- Opening Delimiter -

(* Let $k$ be a field of characteristic $0$, $L/k$ a field extension, $S\in\mathbf{Fam}_L$ with data $a,b,t_0\in L$, and let $\{\mathcal{T}_\gamma\}$ be the one-parameter family of trisections described in the context. Let $R=(x_R,y_R,t_R)\in\mathcal{E}$ with $t_R\neq t_0$. Then there exists a unique $\gamma\in L(x_R,y_R,t_R)$ such that $R\in\mathcal{T}_\gamma$. In particular, if $R$ is $L$-rational, there is $\gamma\in L$ with $R\in\mathcal{T}_\gamma$.
   Context: $S$ is a del Pezzo surface of degree one in $\mathbb{P}(2,3,1,1)$, coordinates $(X:Y:Z:W)$, given by $Y^2=X^3+F(Z,W)X+G(Z,W)$, $F,G\in k[Z,W]$ homogeneous of degrees $4,6$; $f(t)=F(t,1)$, $g(t)=G(t,1)$; $\mathcal{E}:y^2=x^3+f(t)x+g(t)$ is the rational elliptic surface obtained by blowing up the base point of $|-K_S|$. $S\in\mathbf{Fam}_L$ means there exist $a,b,t_0\in L$ with $t_0\neq0$, $at_0+b\neq0$, $f(t_0)\neq-(at_0+b)^4/3$, such that $t_0$ is a double root of $P(t)=-f(t)^2/4+(at+b)^4f(t)/6+(at+b)^2g(t)+(at+b)^8/108$. Let $Q=((at_0+b)^2/3,\ (at_0+b)^3/6+f(t_0)/(2(at_0+b)),\ t_0)$. For a parameter $\gamma$, $\mathcal{T}_\gamma\subset\mathcal{E}$ is the curve $y=axt+bx+c(\gamma)t^3+d(\gamma)t^2+e(\gamma)t+\gamma$, where $c(\gamma),d(\gamma),e(\gamma)$ are the coefficients, uniquely determined by $\gamma$, for which $\mathcal{T}_\gamma$ has a triple point at $Q$. *)

From HB Require Import structures.
From mathcomp Require Import all_boot all_order all_algebra.
Set Implicit Arguments. Unset Strict Implicit. Unset Printing Implicit Defensive.
Import GRing.Theory.
Local Open Scope ring_scope.

(* F(1,W) for a form F(Z,W) of degree n with F(t,1) = p(t): the reversal
   sum_i p_i W^(n-i). *)
Definition homrev (R : nzRingType) (n : nat) (p : {poly R}) : {poly R} :=
  \poly_(i < n.+1) p`_(n - i).

Definition singular_pt (K : fieldType) (f g : {poly K}) (x y t : K) : Prop :=
  [/\ y ^+ 2 = x ^+ 3 + f.[t] * x + g.[t], 2 * y = 0,
      3 * x ^+ 2 + f.[t] = 0 & f^`().[t] * x + g^`().[t] = 0].

(* S : Y^2 = X^3 + F X + G in P(2,3,1,1) is smooth (geometrically): no singular
   point over any field extension, in the charts W = 1 and Z = 1.  (The points
   with Z = W = 0 reduce to (1:1:0:0), which is always smooth.) *)
Definition smooth_dP1 (k : fieldType) (f g : {poly k}) : Prop :=
  forall (K : fieldType) (phi : {rmorphism k -> K}) (x y t : K),
    ~ singular_pt (map_poly phi f) (map_poly phi g) x y t /\
    ~ singular_pt (map_poly phi (homrev 4 f)) (map_poly phi (homrev 6 g)) x y t.

Definition PFam (L : fieldType) (fL gL : {poly L}) (a b : L) : {poly L} :=
  let l := a *: 'X + b%:P in
  (- (4%:R)^-1) *: fL ^+ 2 + (6%:R)^-1 *: (l ^+ 4 * fL) + l ^+ 2 * gL
  + (108%:R)^-1 *: l ^+ 8.

Definition double_root (L : fieldType) (p : {poly L}) (t0 : L) : Prop :=
  (('X - t0%:P) ^+ 2 %| p) && ~~ (('X - t0%:P) ^+ 3 %| p).

Definition in_Fam (L : fieldType) (fL gL : {poly L}) (a b t0 : L) : Prop :=
  [/\ t0 != 0, a * t0 + b != 0, fL.[t0] != - (a * t0 + b) ^+ 4 / 3%:R
    & double_root (PFam fL gL a b) t0].

(* x- and y-coordinates of Q (its t-coordinate is t0) *)
Definition Qx (L : fieldType) (a b t0 : L) : L := (a * t0 + b) ^+ 2 / 3%:R.
Definition Qy (L : fieldType) (fL : {poly L}) (a b t0 : L) : L :=
  (a * t0 + b) ^+ 3 / 6%:R + fL.[t0] / (2%:R * (a * t0 + b)).

(* The plane equation H(x,t) = l(x,t)^2 - x^3 - f(t) x - g(t) of the image of
   T : y = l(x,t) := a x t + b x + c t^3 + d t^2 + e t + gam  in the (x,t)-plane,
   as a polynomial in x (outer variable) with coefficients polynomials in t. *)
Definition trisec_poly (M : fieldType) (fM gM : {poly M}) (a b c d e gam : M)
  : {poly {poly M}} :=
  let l : {poly {poly M}} :=
    'X * (a *: 'X + b%:P)%:P
    + (c *: 'X ^+ 3 + d *: 'X ^+ 2 + e *: 'X + gam%:P)%:P in
  l ^+ 2 - 'X ^+ 3 - 'X * fM%:P - gM%:P.

(* the plane curve P = 0 has multiplicity >= m at (x0,t0): all monomials of
   total degree < m of P(x0 + X, t0 + T) vanish *)
Definition mult_ge (M : fieldType) (m : nat) (P : {poly {poly M}}) (x0 t0 : M)
  : Prop :=
  let P' := map_poly (fun q : {poly M} => q \Po ('X + t0%:P))
                     (P \Po ('X + (x0%:P)%:P)) in
  forall i j : nat, (i + j < m)%N -> P'`_i`_j = 0.

Definition on_trisec (M : fieldType) (a b c d e gam x y t : M) : Prop :=
  y = a * x * t + b * x + c * t ^+ 3 + d * t ^+ 2 + e * t + gam.

Definition triple_at (M : fieldType) (fM gM : {poly M}) (a b c d e gam xQ yQ tQ : M)
  : Prop :=
  on_trisec a b c d e gam xQ yQ tQ /\
  mult_ge 3 (trisec_poly fM gM a b c d e gam) xQ tQ.

Definition in_T (M : fieldType) (fM gM : {poly M}) (a b xQ yQ tQ gam x y t : M)
  : Prop :=
  exists c d e : M,
    triple_at fM gM a b c d e gam xQ yQ tQ /\ on_trisec a b c d e gam x y t.

Definition subfield_pred (M : fieldType) (S : M -> Prop) : Prop :=
  [/\ S 0, S 1, (forall x y, S x -> S y -> S (x + y)), (forall x, S x -> S (- x))
    & (forall x y, S x -> S y -> S (x * y)) /\ (forall x, S x -> x != 0 -> S x^-1)].

(* z belongs to the subfield L(x,y,t) of M generated by j(L) and x, y, t *)
Definition in_gen_field (L M : fieldType) (j : {rmorphism L -> M}) (x y t z : M)
  : Prop :=
  forall S : M -> Prop, subfield_pred S -> (forall l, S (j l)) ->
    S x -> S y -> S t -> S z.

From HB Require Import structures.
From mathcomp Require Import all_boot all_order all_algebra.
From mathcomp Require Import ring.
Set Implicit Arguments.
Unset Strict Implicit.
Unset Printing Implicit Defensive.
Import GRing.Theory.
Local Open Scope ring_scope.

(* Write the trisection as y = x sigma(t) + mu(t) with sigma = a t + b and
   mu = c t^3 + d t^2 + e t + gam, and put u(t) = x_Q sigma(t) + mu(t).  A triple
   point at Q = (x_Q, y_Q, t0) means u(t0) = y_Q together with the vanishing of
   the six Taylor coefficients of total degree < 3 of l^2 - x^3 - f x - g at
   (x_Q, t0).  For the given x_Q and y_Q two of them hold identically, two more
   follow from P(t0) = P'(t0) = 0, and the last two fix u'(t0) and u''(t0)/2.
   Hence the triple point prescribes the 2-jet of mu at t0 and leaves its leading
   coefficient free; a point R with t_R <> t0 then determines mu by interpolation,
   and gam = mu(0) is a rational expression in a, b, t0, the Taylor coefficients
   of f and g at t0 and the coordinates of R.  The second claim is the first one
   applied to the subfield j(L). *)

Section TaylorShift.
Variable R : comNzRingType.
Implicit Types (p q : {poly R}) (t : R).
Lemma weighted_udisc_derive (nu z : R) : -1 < nu -> 0 < z ->
  is_derive (weighted_udisc nu) z
    (exp ((nu + 1) * ln z) / z *
     (12 * (nu + 1) * Iser 1 nu z ^ 3 + 36 * z * Iser 1 nu z ^ 2 * Iser 2 nu z
      + 16 * (nu + 5) * z ^ 2 * Iser 1 nu z * Iser 2 nu z ^ 2
      + 48 * z ^ 3 * Iser 2 nu z ^ 3)).
Proof.
  intros H Hz. unfold weighted_udisc, udisc. auto_derive.
  - repeat split; try lra; eexists; apply Iser_derive, H.
  - rewrite !(is_derive_unique _ _ _ (Iser_derive _ nu z H)).
    pose proof (Iser_ode 1 nu z H) as Hode. simpl INR in Hode.
    set (E := exp _). set (A := Iser 1 nu z) in *. set (B := Iser 2 nu z) in *.
    set (C := Iser 3 nu z) in *. clearbody E A B C.
    assert (HC : z * C = A / 4 - (nu + 1 + 1) * B) by lra.
    replace C with (z * C / z) by (field; lra). rewrite HC.
    field. lra.
Qed.

(* udisc is positive on [0,oo): on [0,1] directly, beyond 1 because
   weighted_udisc increases from its positive value at 1. *)
Lemma udisc_pos (nu y : R) : -1 < nu -> 0 <= y -> 0 < udisc nu y.
Proof.
  intros H Hy. destruct (Rle_lt_dec y 1) as [Hy1|Hy1]; [apply udisc_pos_small; lra|].
  assert (Hmono : weighted_udisc nu 1 <= weighted_udisc nu y).
  { eapply (nondecreasing_of_derive _ _ 1 y); [lra| |].
    - intros t Ht; apply weighted_udisc_derive; lra.
    - intros t Ht. pose proof (Iser_pos 1 nu t H ltac:(lra)).
      pose proof (Iser_pos 2 nu t H ltac:(lra)).
      apply Rmult_le_pos; [apply Rdiv_le_0_compat; [apply Rlt_le, exp_pos|lra]|].
      repeat apply Rplus_le_le_0_compat; repeat apply Rmult_le_pos;
        try apply pow_le; lra. }
  assert (H1 : 0 < weighted_udisc nu 1).
  { unfold weighted_udisc. rewrite ln_1, Rmult_0_r, exp_0, Rmult_1_l.
    apply Rmult_lt_0_compat; [apply Iser_pos|apply udisc_pos_small]; lra. }
  assert (Hwy : 0 < weighted_udisc nu y) by lra. unfold weighted_udisc in Hwy.
  pose proof (exp_pos ((nu + 1) * ln y)). pose proof (Iser_pos 1 nu y H Hy).
  apply (Rmult_lt_reg_l (exp ((nu + 1) * ln y) * Iser 1 nu y));
    [apply Rmult_lt_0_compat; lra|lra].
Qed.

Lemma Inu_eq (nu x : R) : -1 < nu -> Inu nu x = Iser 0 nu (x ^ 2).
Proof.
  intros H.
  assert (Hcv : Un_cv (Ipartial nu x) (Iser 0 nu (x ^ 2))).
  { pose proof (PSeries_correct (Ider 0 nu) (x ^ 2)
      (entire_ex_pseries _ _ (Ider_entire 0 nu H))) as Hser.
    apply is_series_Reals in Hser. apply is_lim_seq_Reals.
    apply is_lim_seq_ext with
      (fun N => sum_f_R0 (fun k => scal (pow_n (x ^ 2) k) (Icoef nu k)) N).
    - intros N. unfold Ipartial. apply sum_eq. intros k _.
      rewrite pow_n_pow, <- pow_mult. change (scal ?u ?v) with (u * v). ring.
    - apply is_lim_seq_Reals, Hser. }
  unfold Inu. apply (UL_sequence (Ipartial nu x)); [|exact Hcv].
  apply (epsilon_spec (inhabits 0) (fun l => Un_cv (Ipartial nu x) l)).
  exists (Iser 0 nu (x ^ 2)); exact Hcv.
Qed.
(* In K_n x K_n with n >= 3, two distinct vertices are at distance 1 when they
   differ in both coordinates and at distance 2 otherwise.  Writing r(i), c(j)
   for the number of points of S in row i and column j, two vertices (a,b),
   (a,d) of a common row are resolved by [Delta_S = [(a,b) in S] + [(a,d) in S]
   + c(b) + c(d)], and two vertices (a,b), (c,d) in general position by
   [Delta_S = r(a) + r(c) + c(b) + c(d) - [(a,b) in S] - [(c,d) in S]
   - 2[(a,d) in S] - 2[(c,b) in S]].

   Lower bound: if S is weakly 3-resolving, any two columns carry at least 3
   points of S (otherwise some row meets neither, and its two vertices in these
   columns are resolved by at most 2), and likewise any two rows.  If moreover
   |S| < 2n, one row and one column carry a single point and all other lines
   exactly two.  Two points of S in general position, one in that row and one
   in that column, then span a rectangle whose two other corners are resolved
   by at most 6 - 4 = 2.

   Upper bound: the diagonal together with the graph of i |-> i + 1 (mod n) has
   two points on every line and contains no rectangle, so every pair is resolved
   by at least 3. *)

From HB Require Import structures.
From mathcomp Require Import all_boot zify.
Set Implicit Arguments. Unset Strict Implicit. Unset Printing Implicit Defensive.

HB.instance Definition _ := SemiGroup.isComLaw.Build nat minn minnA minnC.

Section GraphFacts.
Variables (T : finType) (e : rel T).

Lemma mem_ball0 x y : (y \in ball e 0 x) = (y == x).
Proof. by rewrite inE. Qed.

Lemma mem_ball1 x y : (y \in ball e 1 x) = (y == x) || e x y.
Proof.
rewrite !inE; congr (_ || _); apply/existsP/idP => [[z /andP[]]|exy].
  by rewrite inE => /eqP->.
by exists x; rewrite inE eqxx.
Qed.

Lemma gdist_ball2 x y : 2 < #|T| -> y \in ball e 2 x ->
  gdist e x y = if y == x then 0 else if e x y then 1 else 2.
Proof.
move=> T3 y2; rewrite /gdist -(subnKC T3) iotaD /= y2 mem_ball1 mem_ball0.
by case: (y == x); case: (e x y).
Qed.

Lemma weak_resolvingP k S :
  reflect (forall x y, x != y -> k <= DeltaS e S x y) (weak_resolving e k S).
Proof.
apply: (iffP forallP) => [wS x y | wS x].
  by move: (wS x) => /forallP/(_ y)/implyP.
by apply/forallP => y; apply/implyP; apply: wS.
Qed.

Lemma wdim_card k S : weak_resolving e k S ->
  (forall S', weak_resolving e k S' -> #|S| <= #|S'|) -> wdim e k = #|S|.
Proof.
move=> wS minS; apply/eqP; rewrite eqn_leq; apply/andP; split.
  by rewrite /wdim (big_rem_AC _ _ _ _ (mem_index_enum S)) wS geq_minl.
rewrite /wdim; elim/big_ind: _ => [|m1 m2|S' /minS] //.
- by rewrite ltnW // ltnS max_card.
- by rewrite leq_min => ->.
Qed.

End GraphFacts.

Lemma sum_indicator_eq (T : finType) (A : {pred T}) (w : T) :
  \sum_(z in A) (z == w : nat) = (w \in A).
Proof.
rewrite big_mkcond (bigD1 w) //= eqxx big1 ?addn0 => [|z /negbTE zw].
  by case: (w \in A).
by rewrite zw; case: (z \in A).
Qed.

Section RowsAndColumns.
Variables (I J : finType) (S : {set I * J}).

Definition row_count (i : I) : nat := #|[set j | (i, j) \in S]|.
Definition col_count (j : J) : nat := #|[set i | (i, j) \in S]|.

Definition rectangle_free : Prop :=
  forall a c b d, a != c -> b != d ->
    (a, b) \in S -> (a, d) \in S -> (c, b) \in S -> (c, d) \notin S.

Lemma row_count_sum i : row_count i = \sum_j ((i, j) \in S : nat).
Proof. by rewrite /row_count -sum1dep_card big_mkcond. Qed.

Lemma col_count_sum j : col_count j = \sum_i ((i, j) \in S : nat).
Proof. by rewrite /col_count -sum1dep_card big_mkcond. Qed.

Lemma sum_in_pairs (F : I * J -> nat) :
  \sum_(z in S) F z = \sum_i \sum_j (if (i, j) \in S then F (i, j) else 0).
Proof. by rewrite pair_bigA big_mkcond; apply: eq_bigr => -[i j]. Qed.

Lemma sum_fst_eq i : \sum_(z in S) (z.1 == i : nat) = row_count i.
Proof.
rewrite sum_in_pairs (bigD1 i) //= [X in _ + X]big1 => [|i' /negbTE i'i].
  by rewrite addn0 row_count_sum; apply: eq_bigr => j _; rewrite eqxx; case: ifP.
by apply: big1 => j _; rewrite i'i; case: ifP.
Qed.
Lemma dFr_lab v : dFr T Q r v ->
  lab T v = - (r%:Z) /\ ancestors_above T (- (r%:Z)) (parent v).
Proof.
move=> [hv [hle [w [/Fr_ancestors_above hw hvw]]]].
have lw : - (r%:Z) < lab T w by case/ancestors_aboveE: hw.
case/aug_adj_cases: hvw => [[i [j [hs hvw]]]|[hl _]]; last lia.
have [hij [hj _]] := hs; rewrite /clab in hj.
case: hvw => [[ev ew]|[ev ew]]; rewrite -ev -ew in hj; first lia.
have lv : lab T v = - (r%:Z) by lia.
split=> //; have [[|d] ed] := le_int_add_nat (ltW hij); first lia.
have /ancestors_above_corners : forall e : nat, (e <= d)%N -> - (r%:Z) < clab T (i + e%:Z).
  move=> e he; have := succ_clab_ge HT hs (k := i + e%:Z) ltac:(lia) ltac:(lia).
  by rewrite -[clab T i]/(lab T (cv T i)) -ew; lia.
rewrite -ew => /iffLR /(_ hw) hprev.
have := cv_adj T (i + d%:Z); rewrite (_ : i + d%:Z + 1 = j); last lia.
(* [c_{j-1}] is tree-adjacent to [v = c_j] and, unlike [v], has all its
   ancestors above [-r]; so it is the parent of [v]. *)
rewrite -ev => -[<- //|hc].
by move: hprev; rewrite ancestors_aboveE -hc => -[_ /ancestors_aboveE]; lia.
Qed.

Lemma lab_dFr v : VT T v -> lab T v = - (r%:Z) ->
  ancestors_above T (- (r%:Z)) (parent v) -> dFr T Q r v.
Proof.
move=> hv lv hpa; have vr : v <> root_v by move=> ev; rewrite ev lab_root // in lv; lia.
have lp : - (r%:Z) < lab T (parent v) by case/ancestors_aboveE: hpa.
do 2!split => //; first by rewrite lv.
exists (parent v); split; first exact: ancestors_above_Fr (VT_parent hv vr) hpa.
have [[i [hi1 hi2]] _] := cv_tree_edge hv vr.
left; exists i, (i + 1); split; last by right.
by apply: is_succ_next; rewrite /clab hi1 hi2; have := lab_parent_step HT v; lia.
Qed.

End Levels.

Theorem proposition5 (T : itree) (eta : bool)
  (HT : in_support_mu T)
  (Hinf : forall m : int, exists k : nat, lab T (leftseq T k) <= m)
  (r : nat) (hr : (0 < r)%N) (v : vertex) (hv : mV (Phi T eta) v) :
  (Fr T (Phi T eta) r v <->
     (forall v', on_geod v' v -> lab T v' > - (r%:Z)))
  /\
  (dFr T (Phi T eta) r v <->
     (lab T v = - (r%:Z) /\
      forall v', on_geod v' v -> v' <> v -> lab T v' > - (r%:Z))).
Proof.
have nonroot : lab T v = - (r%:Z) -> v <> root_v.
  by move=> lv ev; rewrite ev lab_root // in lv; lia.
split; first exact: Fr_iff.
split=> [/(dFr_lab HT hr) [lv hpa] | [lv hstrict]].
  by split=> //; apply/(strict_ancestorsE _ hv (nonroot lv)).
by apply: lab_dFr => //; apply/(strict_ancestorsE _ hv (nonroot lv)).
Qed.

- Closing Delimiter -

Search the entries above for "last". Show every line that has it.

• OUTPUT OF THE EXERCISE:
   follow from P(t0) = P'(t0) = 0, and the last two fix u'(t0) and u''(t0)/2.
case/aug_adj_cases: hvw => [[i [j [hs hvw]]]|[hl _]]; last lia.
have := cv_adj T (i + d%:Z); rewrite (_ : i + d%:Z + 1 = j); last lia.
left; exists i, (i + 1); split; last by right.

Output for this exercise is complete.